Back then I thought I had too many cars with eight on the Furious Fleet, but having a channel that needs new metal to feed views and an army of viewers who know what I like, finding all those cars I’ve always wanted is sometimes too easy, so I’ve been able to collect a pretty unique collection of cars. Awkwardly, in my latest fleet round up video, it turns out that’s more than doubled now!
A Rover 200Vi, a forgotten hot hatch, arrived with a blown head gasket and now lives alongside its contemporary rival Alfa 145 Cloverleaf and I now have the oldest Fiat Punto in the UK as well as a pre-production Mini Cooper.
The equation for comedy is pain + distance=funny, and the same is true for content and it seems the worse my day the more people like it! As I don’t like to see any car scrapped, that has put me in a bit of a bind more than once.
For a long time my weird dream car has been the Ford Crown Vic, particularly the Police Interceptor version, so whenever I went to the US I would make sure all the cabs I got were Vics, and I would be spotting the police cars. Finally, I bought and imported one, but I’d been scammed and the sills were made of expanding foam and filler so I had to spend a summer welding it up.
So, when the abandoned Mercedes W123 I rescued turned out to be rustier than expected I had to draw a line. I had managed to change the locks, rebuild the K Jetronic fuel injection and make it run and done a bit of welding, but when I found yet more rust decided it was too much. Fortunately 6D Diesels, a welding channel, came to the rescue and will take care of the metal work for me this year, so it too will be saved!
Other abandoned and saved success stories have included a Mk2 Mondeo so filthy it had its own ecosystem, and a Rover 216 Cabrio. Both are still running and with new owners today.
Although I spend lots of time and videos fixing cars, I’d rather be driving them and have had some adventures with them, taking the Volvo 740 2000 miles in a long weekend to go back to the factory museum in Gothenburg (where the clutch broke and we were towed off the motorway by a Swede in a ‘70s Jag - thanks Adam from Living with a Classic). It was the kind of road trip I love, seeing the changing landscapes and cities across Europe and crossing the incredible bridges from Denmark into Sweden, and it was just in time as the museum closed soon afterwards.
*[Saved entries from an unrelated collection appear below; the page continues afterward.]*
From HB Require Import structures.
From mathcomp Require Import all_boot all_order all_algebra.
From mathcomp Require Import lra.
Import Order.TTheory GRing.Theory Num.Theory.
Set Implicit Arguments. Unset Strict Implicit. Unset Printing Implicit Defensive.
Local Open Scope ring_scope.

(* Every g-value is the cost of a discovered path, and every successor of a
   closed node is generated with a g-value relaxed through that node.
   Walking along a cheapest start-goal path pi, either some node of pi is
   generated in both directions with g-values bounded by the costs of the two
   pieces of pi, and then U <= C*, or there are a forward-open node x on pi
   and a later backward-open node y with g_F(x) <= c(start, x) and
   g_B(y) <= c(y, goal).  In the second case admissibility (h_B(x) <= g_F(x),
   h_F(y) <= g_B(y)) and consistency along pi between x and y give
   b_F(x) + b_B(y) <= 2 W C*; the lambda-terms are absorbed because
   lambda <= W, and W >= 1 pays for (1 + W)(g_F(x) + g_B(y)).  At termination
   U <= LB_WB <= (b_F(x) + b_B(y)) / 2 <= W C*. *)

Section OptionOrder.
Variable R : realFieldType.
Implicit Types (a b c : option R) (x y : R).

Lemma ole_refl a : ole a a.
Proof. by case: a => //= x; exact: lexx. Qed.

Lemma ole_trans b a c : ole a b -> ole b c -> ole a c.
Proof. by case: a => [x|]; case: b => [y|]; case: c => [z|] //=; exact: le_trans. Qed.

Lemma ole_Some_trans a x y : ole a (Some x) -> x <= y -> ole a (Some y).
Proof. by move=> lax lexy; apply: ole_trans lax _. Qed.

Lemma omin_lel a x : ole (omin a x) a.
Proof. by case: a => //= u; rewrite ge_min lexx. Qed.

Lemma omin_ler a x : ole (omin a x) (Some x).
Proof. by case: a => /= [u|]; rewrite ?ge_min lexx ?orbT. Qed.

Lemma foldr_omin_le_init (T : Type) (P : pred T) (f : T -> R) a l :
  ole (foldr (fun m acc => if P m then omin acc (f m) else acc) a l) a.
Proof.
elim: l => [|y l IHl] /=; first exact: ole_refl.
by case: ifP => // _; apply: ole_trans (omin_lel _ _) IHl.
Qed.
If I were the sort of person to make new year’s resolutions, mine would be to make sure I do more road trips this year.
A big part of the channel is the car reviews. Perhaps my biggest challenge is finding cars to make sure there’s a fresh one every week, especially at this time of year when I’ve run down the reserves and classic cars are tucked away, but this has given me the opportunity to drive some incredible, rare and dream cars.
Most people have never seen a Hustler. I’ve driven two of them now! I’ve also driven several Austin 7s, which made me want one quite a lot, and other pre-war cars. The Morris Minor was notable thanks to the reversed brake and accelerator pedals, which takes some getting used to, and my all-time dream car, the Cord 810.
This is an incredible machine, pop up headlights and front wheel drive in 1936, and an electro pneumatic pre-selector gearbox. They say never meet your heroes, but that was a great day and I need to add one to the fleet one day!
People often ask if there are cars I’m looking for to review or if I worry I’ll run out, but there are so many I’m happy to review anything and I think I have a few years of content to go!